**ASSIGNED TASK:** Between the line containing "case: (pickP [pred" and the line containing "#|L| = 'C(#|C|, #|classes_meeting C i l|) *" lies a run of lines; give that run again exactly, with both of those lines, and nothing else from the entries below.

[Records from a dataset]
---+---

Lemma two_classes_swapped (l B1 B2 : {set T}) :
  l \in L -> C \subset [set B1; B2] -> B1 \in C -> B2 \in C ->
  #|B1 :&: l| != #|B2 :&: l| ->
  exists2 g, g \in G & [set g x | x in B1] = B2.
Proof.
move=> lL C_pair B1C B2C meet_neq.
case: (pickP [pred g in G | [set g x | x in B1] == B2]).
  by move=> g /andP [gG /eqP]; exists g.
move=> no_swap.
have B12 : B1 != B2 by apply: contraNneq meet_neq => ->.
have B1_inv g : g \in G -> [set g x | x in B1] = B1.
  move=> gG; have /set2P [//|gB1] := subsetP C_pair _ (C_inv gG B1C).
  by have := no_swap g; rewrite /= gG gB1 eqxx.
have B2_inv g : g \in G -> [set g x | x in B2] = B2.
  move=> gG; have /set2P [gB2|//] := subsetP C_pair _ (C_inv gG B2C).
  case/eqP: B12; apply: (imset_inj (@perm_inj _ g)).
  by rewrite B1_inv ?gB2.
case/eqP: meet_neq.
by apply: (invariant_sets_meet_lines_equally L_linear L_size L_transitive);
  rewrite ?C_size.
Qed.

Lemma classes_meeting_transitive i (l : {set T}) (D : {set {set T}}) :
  l \in L -> D \subset C -> #|D| = #|classes_meeting C i l| ->
  exists2 g, g \in G &
    [set [set g x | x in B] | B : {set T} in classes_meeting C i l] = D.
Proof.
set F := classes_meeting C i l => lL sDC eqD.
have sFC : F \subset C by apply/subsetP => B; rewrite inE => /andP [].
case: (eqVneq F D) => [<- | FD].
  exists 1%g; first exact: group1.
  by rewrite -[RHS]imset_id; apply: eq_imset => B; exact: imset_perm1.
case: (ltnP 2 #|C|) => [C_gt2 | C_le2].
  exact: Alt_transitive_on_subsets C_Alt C_gt2 sFC sDC (esym eqD).
have [B1 B1F B1D] : exists2 B1, B1 \in F & B1 \notin D.
  by apply/subsetPn; apply: contraNN FD => sFD; rewrite eqEcard sFD eqD leqnn.
have [B2 B2D B2F] : exists2 B2, B2 \in D & B2 \notin F.
  by apply/subsetPn; apply: contraNN FD => sDF; rewrite eq_sym eqEcard sDF eqD leqnn.
have B1C := subsetP sFC B1 B1F; have B2C := subsetP sDC B2 B2D.
have B12 : B1 != B2 by apply: contraNneq B2F => <-.
have C_pair : [set B1; B2] = C.
  by apply/eqP; rewrite eqEcard subUset !sub1set B1C B2C cards2 B12.
have [g gG gB12] : exists2 g, g \in G & [set g x | x in B1] = B2.
  apply: (two_classes_swapped lL) => //; first by rewrite C_pair.
  by move: B1F B2F; rewrite /F !inE B1C B2C /= => /eqP -> B2l; rewrite eq_sym B2l.
have F1 : F = [set B1] by apply: (set1_of_subset_set2 _ B1F B2F); rewrite C_pair.
have D2 : D = [set B2] by apply: (set1_of_subset_set2 _ B2D B1D); rewrite setUC C_pair.
by exists g; rewrite // F1 D2 imset_set1 gB12.
Qed.

Lemma card_lines_by_classes_meeting i (l : {set T}) :
  l \in L ->
  #|L| = 'C(#|C|, #|classes_meeting C i l|) *
         #|fibre L (classes_meeting C i) (classes_meeting C i l)|.
Proof.
set F := classes_meeting C i l => lL.
have gF_sub g : g \in G -> [set [set g x | x in B] | B : {set T} in F] \subset C.
  by move=> gG; apply/subsetP => _ /imsetP [B /setIdP [BC _] ->]; apply: C_inv.
rewrite -cards_draws.
apply: (@card_uniform_fibres _ _ L (classes_meeting C i)) => [l' l'L | D].
  have [g gG <-] := L_transitive lL l'L.
  rewrite inE classes_meeting_perm; last exact: C_inv.
  by rewrite gF_sub // card_imset ?eqxx //; exact: (imset_inj (@perm_inj _ g)).
rewrite inE => /andP [sDC /eqP eqD].
have [g gG <-] := classes_meeting_transitive lL sDC eqD.
apply: (@card_fibre_equivariant _ _ L (classes_meeting C i)
          (fun l' => [set g x | x in l'])
          (fun D => [set [set g x | x in B] | B : {set T} in D])).
- exact: (imset_inj (@perm_inj _ g)).
- exact: (imset_inj (imset_inj (@perm_inj _ g))).
- by apply/subsetP => _ /imsetP [l' l'L ->]; apply: L_aut.
- by move=> l' _; apply: classes_meeting_perm; apply: C_inv.
Qed.

End ClassesOfLineTransitiveSpace.

Theorem lemma4p8 (T : finType) (L : {set {set T}}) (k c d : nat)
  (G : {group {perm T}}) (C : {set {set T}}) :
  linear_space L ->
  const_line_size L k ->
  2 < k -> k < #|T| ->
  automorphisms L G ->
  line_transitive L G ->
  G_invariant_partition G C ->
  (forall B, B \in C -> #|B| = c) ->
  #|C| = d ->
  1 < c -> c < #|T| ->
  induced_contains_Alt G C ->
  forall l, l \in L ->
    (\big[lcmn/1%N]_(1 <= i < k.+1) 'C(d, d_i C l i)) %| #|L|.
Proof.
move=> L_linear L_size k_gt2 _ L_aut L_transitive [_ C_inv] C_size <- _ _ C_Alt l lL.
apply: (big_ind (fun m => m %| #|L|)) => [|m n m_dvd n_dvd|i _].
- exact: dvd1n.
- by rewrite dvdn_lcm m_dvd n_dvd.
- rewrite (card_lines_by_classes_meeting L_linear L_size (ltnW k_gt2) L_aut
    L_transitive C_inv C_size C_Alt i lL).
  exact: dvdn_mulr.
Qed.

---+---

**THE ANSWER:**
case: (pickP [pred g in G | [set g x | x in B1] == B2]).
  by move=> g /andP [gG /eqP]; exists g.
move=> no_swap.
have B12 : B1 != B2 by apply: contraNneq meet_neq => ->.
have B1_inv g : g \in G -> [set g x | x in B1] = B1.
  move=> gG; have /set2P [//|gB1] := subsetP C_pair _ (C_inv gG B1C).
  by have := no_swap g; rewrite /= gG gB1 eqxx.
have B2_inv g : g \in G -> [set g x | x in B2] = B2.
  move=> gG; have /set2P [gB2|//] := subsetP C_pair _ (C_inv gG B2C).
  case/eqP: B12; apply: (imset_inj (@perm_inj _ g)).
  by rewrite B1_inv ?gB2.
case/eqP: meet_neq.
by apply: (invariant_sets_meet_lines_equally L_linear L_size L_transitive);
  rewrite ?C_size.
Qed.

Lemma classes_meeting_transitive i (l : {set T}) (D : {set {set T}}) :
  l \in L -> D \subset C -> #|D| = #|classes_meeting C i l| ->
  exists2 g, g \in G &
    [set [set g x | x in B] | B : {set T} in classes_meeting C i l] = D.
Proof.
set F := classes_meeting C i l => lL sDC eqD.
have sFC : F \subset C by apply/subsetP => B; rewrite inE => /andP [].
case: (eqVneq F D) => [<- | FD].
  exists 1%g; first exact: group1.
  by rewrite -[RHS]imset_id; apply: eq_imset => B; exact: imset_perm1.
case: (ltnP 2 #|C|) => [C_gt2 | C_le2].
  exact: Alt_transitive_on_subsets C_Alt C_gt2 sFC sDC (esym eqD).
have [B1 B1F B1D] : exists2 B1, B1 \in F & B1 \notin D.
  by apply/subsetPn; apply: contraNN FD => sFD; rewrite eqEcard sFD eqD leqnn.
have [B2 B2D B2F] : exists2 B2, B2 \in D & B2 \notin F.
  by apply/subsetPn; apply: contraNN FD => sDF; rewrite eq_sym eqEcard sDF eqD leqnn.
have B1C := subsetP sFC B1 B1F; have B2C := subsetP sDC B2 B2D.
have B12 : B1 != B2 by apply: contraNneq B2F => <-.
have C_pair : [set B1; B2] = C.
  by apply/eqP; rewrite eqEcard subUset !sub1set B1C B2C cards2 B12.
have [g gG gB12] : exists2 g, g \in G & [set g x | x in B1] = B2.
  apply: (two_classes_swapped lL) => //; first by rewrite C_pair.
  by move: B1F B2F; rewrite /F !inE B1C B2C /= => /eqP -> B2l; rewrite eq_sym B2l.
have F1 : F = [set B1] by apply: (set1_of_subset_set2 _ B1F B2F); rewrite C_pair.
have D2 : D = [set B2] by apply: (set1_of_subset_set2 _ B2D B1D); rewrite setUC C_pair.
by exists g; rewrite // F1 D2 imset_set1 gB12.
Qed.

Lemma card_lines_by_classes_meeting i (l : {set T}) :
  l \in L ->
  #|L| = 'C(#|C|, #|classes_meeting C i l|) *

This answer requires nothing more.